В сенцах Игнат пошарил вдоль стены, некстати под рукой оказалось решето;
чертыхнувшись, Игнат запустил его на чердак.
Куры, дремавшие на шесте с подсунутыми под крыло головами, всполошились,
закудахтали. Петух вскинул шею, сердито клюнул соседнюю хохлатку, словно
пытаясь унять переполох. Жердь не выдержала его воинственных движений, и петух
грузно упал в провал темноты, совсем не радея о своей жизни. Но ему прямо-таки
повезло: он угодил на спину хозяина и, спрыгнув, захлопал крыльями, опрометью
бросился через лаз наружу.
Игнат сопроводил его бегство ядреным словом и продолжал искать то, без чего
сейчас не мог обойтись. Наконец нащупал в потемках кнут, размотал витой, с
бахромой у рукоятки, ремешок. Для полноты гнева ему не хватало теперь Натальи.
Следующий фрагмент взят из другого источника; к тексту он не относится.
(* Let $W_2\in\{M_2,S_2\}$ and let $\phi:W_2\to W_2$ be a linear map such that $\sigma_{\mathcal{K}}(\phi(A))=\sigma_{\mathcal{K}}(A)$ for all $A\in W_2$. Then for all $A\in W_2$, $$\sigma_{\mathcal{K}}^{int}(A)=\sigma_{\mathcal{K}}^{int}(\phi(A))\quad\text{and}\quad \sigma_{\mathcal{K}}^{bd}(A)=\sigma_{\mathcal{K}}^{bd}(\phi(A)).$$
   Context: $M_2$ is the space of real $2\times2$ matrices, $S_2$ the subspace of symmetric ones. The Lorentz cone in $\mathbb{R}^2$ is $\mathcal{K}=\{(x_1,x_2)^T:\ |x_1|\le x_2\}$. For $A\in M_2$, a real $\lambda$ is an L-eigenvalue of $A$ if there is a nonzero $x\in\mathcal{K}$ with $(A-\lambda I)x\in\mathcal{K}$ and $x^T(A-\lambda I)x=0$ ($x$ is an associated L-eigenvector); $\sigma_{\mathcal{K}}(A)$ is the set of L-eigenvalues. $\lambda$ is an interior L-eigenvalue if it has an associated L-eigenvector in the interior of $\mathcal{K}$, and a boundary L-eigenvalue if it has an associated L-eigenvector on the boundary of $\mathcal{K}$; $\sigma_{\mathcal{K}}^{int}(A)$ and $\sigma_{\mathcal{K}}^{bd}(A)$ denote the sets of interior and boundary L-eigenvalues. *)

From mathcomp Require Import all_boot all_order all_algebra.
From mathcomp Require Import reals.
Set Implicit Arguments. Unset Strict Implicit. Unset Printing Implicit Defensive.
Import Order.TTheory GRing.Theory Num.Theory.
Local Open Scope ring_scope.

(* Lorentz cone K = {(x1,x2) : |x1| <= x2} in R^2; coordinates x 0 0 = x1, x 1 0 = x2. *)
Definition i0 : 'I_2 := ord0.
Definition i1 : 'I_2 := ord_max.

Definition lorentz {R : realType} (x : 'cV[R]_2) : Prop := `|x i0 0| <= x i1 0.
Definition lorentz_int {R : realType} (x : 'cV[R]_2) : Prop := `|x i0 0| < x i1 0.
Definition lorentz_bd {R : realType} (x : 'cV[R]_2) : Prop := `|x i0 0| = x i1 0.

Definition L_eigvec {R : realType} (A : 'M[R]_2) (l : R) (x : 'cV[R]_2) : Prop :=
  x != 0 /\ lorentz x /\ lorentz ((A - l%:M) *m x) /\ (x^T *m ((A - l%:M) *m x)) 0 0 = 0.

Definition L_spec {R : realType} (A : 'M[R]_2) : R -> Prop :=
  fun l => exists x, L_eigvec A l x.
Definition L_spec_int {R : realType} (A : 'M[R]_2) : R -> Prop :=
  fun l => exists x, L_eigvec A l x /\ lorentz_int x.
Definition L_spec_bd {R : realType} (A : 'M[R]_2) : R -> Prop :=
  fun l => exists x, L_eigvec A l x /\ lorentz_bd x.

(* membership in W_2: if sym then S_2 else M_2 *)
Definition inW2 {R : realType} (sym : bool) (A : 'M[R]_2) : Prop :=
  if sym then A^T = A else True.

From mathcomp Require Import all_boot all_order all_algebra.
From mathcomp Require Import reals ring lra.
Import Order.TTheory GRing.Theory Num.Theory.
Local Open Scope ring_scope.

(* Write x = p (1, 1) + q (-1, 1). Then x lies in K iff p, q >= 0, it lies on the
   boundary iff moreover p q = 0, and x^T y = 2 (p p' + q q'). So the L-eigenvalues
   of A are the Pareto eigenvalues (complementarity eigenvalues for the nonnegative
   quadrant) of the matrix [[a, b], [c, d]] of A in this basis, which are explicit:
   the boundary ones are a (if c >= 0) and d (if b >= 0), the interior ones are the
   roots of (l - a) (l - d) = b c admitting a positive eigenvector.
   For symmetric A (b = c), the interior and boundary eigenvalues can be read off
   sigma_K(A) and sigma_K(-A) = sigma_K(phi(-A)) = sigma_K(-phi(A)).
   For M_2, testing phi on finitely many matrices with explicit spectra shows that,
   in these coordinates, phi is a scaling (b, c) |-> (k b, c / k) with k > 0, possibly
   composed with the swap (a, b, c, d) |-> (d, c, b, a) induced by the reflection
   diag(-1, 1) of K; both maps preserve the two kinds of eigenvalues separately. *)

Set Implicit Arguments.
Unset Strict Implicit.
Unset Printing Implicit Defensive.

Section Pareto.
Variable R : realFieldType.
Implicit Types a b c d l p q x y : R.

Definition pareto_eigvec a b c d l p q :=
  (p != 0 \/ q != 0) /\ 0 <= p /\ 0 <= q /\
  0 <= (a - l) * p + b * q /\ 0 <= c * p + (d - l) * q /\
  p * ((a - l) * p + b * q) + q * (c * p + (d - l) * q) = 0.

Definition pareto_bd a b c d l := (l = a /\ 0 <= c) \/ (l = d /\ 0 <= b).

Definition pareto_int a b c d l :=
  (l - a) * (l - d) = b * c /\
  (0 < c * (l - d) \/ c = 0 /\ l = d) /\ (0 < b * (l - a) \/ b = 0 /\ l = a).

Definition pareto_spec a b c d l := pareto_bd a b c d l \/ pareto_int a b c d l.

Lemma mulf_pos_eq0 x y : 0 < x -> x * y = 0 -> y = 0.
Proof. by move=> x_gt0 /eqP; rewrite mulf_eq0 (gt_eqF x_gt0) => /eqP. Qed.

Lemma pareto_eigvec_bd a b c d l p q :
  pareto_eigvec a b c d l p q -> p = 0 \/ q = 0 -> pareto_bd a b c d l.
Proof.
move=> [nz [p_ge0 [q_ge0 [y1_ge0 [y2_ge0 compl]]]]] [p0|q0]; subst.
- have q_gt0 : 0 < q by case: nz => [/eqP //|nz]; rewrite lt_def nz.
  rewrite !(mulr0, mul0r, add0r) in y1_ge0 compl.
  have := mulf_pos_eq0 q_gt0 compl; right; split; nra.
- have p_gt0 : 0 < p by case: nz => [nz|/eqP //]; rewrite lt_def nz.
  rewrite !(mulr0, mul0r, addr0) in y2_ge0 compl.
  have := mulf_pos_eq0 p_gt0 compl; left; split; nra.
Qed.

Lemma pareto_bd_eigvec a b c d l : pareto_bd a b c d l ->
  exists p q, pareto_eigvec a b c d l p q /\ (p = 0 \/ q = 0).
Proof.
case=> [[-> c_ge0]|[-> b_ge0]]; [exists 1, 0|exists 0, 1];
  (split; last by [left|right]);
  (split; first by [left; rewrite oner_eq0|right; rewrite oner_eq0]); lra.
Qed.

Lemma mul_sign_of_eq c x p q :
  0 < p -> 0 < q -> x * q = c * p -> 0 < c * x \/ c = 0 /\ x = 0.
Proof.
move=> p_gt0 q_gt0 e; have [c0|c_neq0] := eqVneq c 0; [right|left].
  by split=> //; move: e; rewrite c0 mul0r; nra.
have c2p_gt0 : 0 < c ^+ 2 * p by rewrite mulr_gt0 ?exprn_even_gt0.
by rewrite -(pmulr_lgt0 _ q_gt0) -mulrA e mulrA -expr2.
Qed.

Lemma pareto_eigvec_int a b c d l p q :
  pareto_eigvec a b c d l p q -> 0 < p -> 0 < q -> pareto_int a b c d l.
Proof.
move=> [_ [p_ge0 [q_ge0 [y1_ge0 [y2_ge0 compl]]]]] p_gt0 q_gt0.
have y1p_ge0 := mulr_ge0 p_ge0 y1_ge0; have y2q_ge0 := mulr_ge0 q_ge0 y2_ge0.
have /(mulf_pos_eq0 p_gt0) y1_0 : p * ((a - l) * p + b * q) = 0 by lra.
have /(mulf_pos_eq0 q_gt0) y2_0 : q * (c * p + (d - l) * q) = 0 by lra.
have ea : (l - a) * p = b * q by lra.
have ed : (l - d) * q = c * p by lra.
split; last split.
- apply: (@mulIf _ (p * q)); first by rewrite mulf_neq0 ?gt_eqF.
  transitivity (((l - a) * p) * ((l - d) * q)); first by ring.
  by rewrite ea ed; ring.
- by case: (mul_sign_of_eq p_gt0 q_gt0 ed) => [|[-> /subr0_eq]]; [left|right].
- by case: (mul_sign_of_eq q_gt0 p_gt0 ea) => [|[-> /subr0_eq]]; [left|right].
Qed.

Lemma pareto_eigvec_of_kernel a b c d l p q : 0 < p -> 0 < q ->
  (a - l) * p + b * q = 0 -> c * p + (d - l) * q = 0 -> pareto_eigvec a b c d l p q.
Proof.
move=> p_gt0 q_gt0 y1_0 y2_0; rewrite /pareto_eigvec y1_0 y2_0.
by split; [left; rewrite gt_eqF | lra].
Qed.

Lemma pareto_int_eigvec a b c d l : pareto_int a b c d l ->
  exists p q, pareto_eigvec a b c d l p q /\ 0 < p /\ 0 < q.
Proof.
move=> [det [[c_pos|[-> ->]] hb]].
  have c2_gt0 : 0 < c ^+ 2.
    by rewrite exprn_even_gt0 //; apply: contraTneq c_pos => ->; rewrite mul0r ltxx.
  exists (c * (l - d)), (c ^+ 2); split=> //; apply: pareto_eigvec_of_kernel => //.
    have -> : (a - l) * (c * (l - d)) + b * c ^+ 2 = c * (b * c - (l - a) * (l - d)) by ring.
    by rewrite det subrr mulr0.
  by ring.
case: hb => [b_pos|[-> ->]].
  have b2_gt0 : 0 < b ^+ 2.
    by rewrite exprn_even_gt0 //; apply: contraTneq b_pos => ->; rewrite mul0r ltxx.
  by exists (b ^+ 2), (b * (d - a)); split=> //; apply: pareto_eigvec_of_kernel => //; ring.
by exists 1, 1; split; [apply: pareto_eigvec_of_kernel; rewrite ?ltr01 //; ring | rewrite ltr01].
Qed.

Lemma pareto_eigvec_spec a b c d l p q :
  pareto_eigvec a b c d l p q -> pareto_spec a b c d l.
Proof.
move=> v; have [_ [p_ge0 [q_ge0 _]]] := v.
have [p0|p_neq0] := eqVneq p 0; first by left; apply: pareto_eigvec_bd v _; left.
have [q0|q_neq0] := eqVneq q 0; first by left; apply: pareto_eigvec_bd v _; right.
by right; apply: pareto_eigvec_int v _ _; rewrite lt_def ?p_neq0 ?q_neq0.
Qed.

Definition pareto_spec_neg a b c d l := pareto_spec (- a) (- b) (- c) (- d) (- l).

Lemma pareto_int_oppW a b c d l :
  pareto_int a b c d l -> pareto_int (- a) (- b) (- c) (- d) (- l).
Proof.
move=> [det [hc hb]]; split; first lra.
split; [case: hc => [?|[? ?]] | case: hb => [?|[? ?]]]; by [left; lra | right; split; lra].
Qed.

Lemma pareto_int_opp a b c d l :
  pareto_int (- a) (- b) (- c) (- d) (- l) <-> pareto_int a b c d l.
Proof.
by split=> [/pareto_int_oppW|/pareto_int_oppW //]; rewrite !opprK.
Qed.

Lemma pareto_spec_diag a d l : pareto_spec a 0 0 d l <-> l = a \/ l = d.
Proof.
split=> [[[[-> _]|[-> _]]|[_ [[?|[_ ->]] _]]]|[->|->]]; try lra.
- by left; left.
- by left; right.
Qed.

Lemma pareto_int_diag a d l : pareto_int a 0 0 d l <-> l = a /\ l = d.
Proof.
split=> [[_ [[?|[_ ->]] [?|[_ ->]]]]|[-> ->]]; try lra.
by split; [rewrite subrr mul0r | split; right].
Qed.

Lemma pareto_int_sym_gt a b d l : 0 < b -> pareto_int a b b d l -> a < l /\ d < l.
Proof. by move=> b_gt0 [_ [[?|[? _]] [?|[? _]]]]; split; nra. Qed.

Lemma pareto_int_sym_lt a b d l : b < 0 -> pareto_int a b b d l -> l < a /\ l < d.
Proof. by move=> b_lt0 [_ [[?|[? _]] [?|[? _]]]]; split; nra. Qed.

Lemma pareto_int_sym_uniq a b d l l' : b != 0 ->
  pareto_int a b b d l -> pareto_int a b b d l' -> l' = l.
Proof.
move=> b_neq0 hl hl'.
have : (l - l') * (l + l' - a - d) = 0.
  transitivity ((l - a) * (l - d) - (l' - a) * (l' - d)); first by ring.
  by rewrite hl.1 hl'.1 subrr.
have : l + l' - a - d != 0.
  case: (ltrgtP 0 b) b_neq0 => // b_sgn _.
    by have := pareto_int_sym_gt b_sgn hl; have := pareto_int_sym_gt b_sgn hl'; lra.
  by have := pareto_int_sym_lt b_sgn hl; have := pareto_int_sym_lt b_sgn hl'; lra.
by move=> /negPf s_neq0 /eqP; rewrite mulf_eq0 s_neq0 orbF subr_eq0 => /eqP ->.
Qed.

Lemma pareto_spec_sym_neg a b d l : b < 0 -> pareto_spec a b b d l -> pareto_int a b b d l.
Proof. by move=> b_lt0 [[[_ ?]|[_ ?]]|//]; lra. Qed.

Lemma pareto_spec_neg_sym_pos a b d l :
  0 < b -> pareto_spec_neg a b b d l -> pareto_int a b b d l.
Proof. by move=> b_gt0 [[[_ ?]|[_ ?]]|/pareto_int_opp //]; lra. Qed.

Lemma pareto_spec_neg_diag a d l : pareto_spec_neg a 0 0 d l <-> l = a \/ l = d.
Proof. by rewrite /pareto_spec_neg oppr0 pareto_spec_diag; split=> -[?|?]; lra. Qed.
Он шагнул в избу, широко расставил ноги и застыл на месте, увидев в смежной
комнате Наталью. Она стояла у окна, спиной к нему.
- А ну, повернись!
- Чего, батя?
- С кем вожжалась?
Наталья с притворным удивлением посмотрела на отца, усмехнулась.
- За-по-рю-ю! - заклокотало в груди у Игната, и, хрустя челюстями, он
замахнулся кнутом.
Наталья метнула на него дерзкий взгляд, потом шагнула вперед, выпятив правое
плечо и слегка обнажая из-под кофты грудь. Обжигая отца пылающими угольками
глаз, она бросила с непокорной гордостью:
- Бей! Чего же медлишь?.. Я вся тут!
К отцу подскочила Верочка, бледная, дрожащая.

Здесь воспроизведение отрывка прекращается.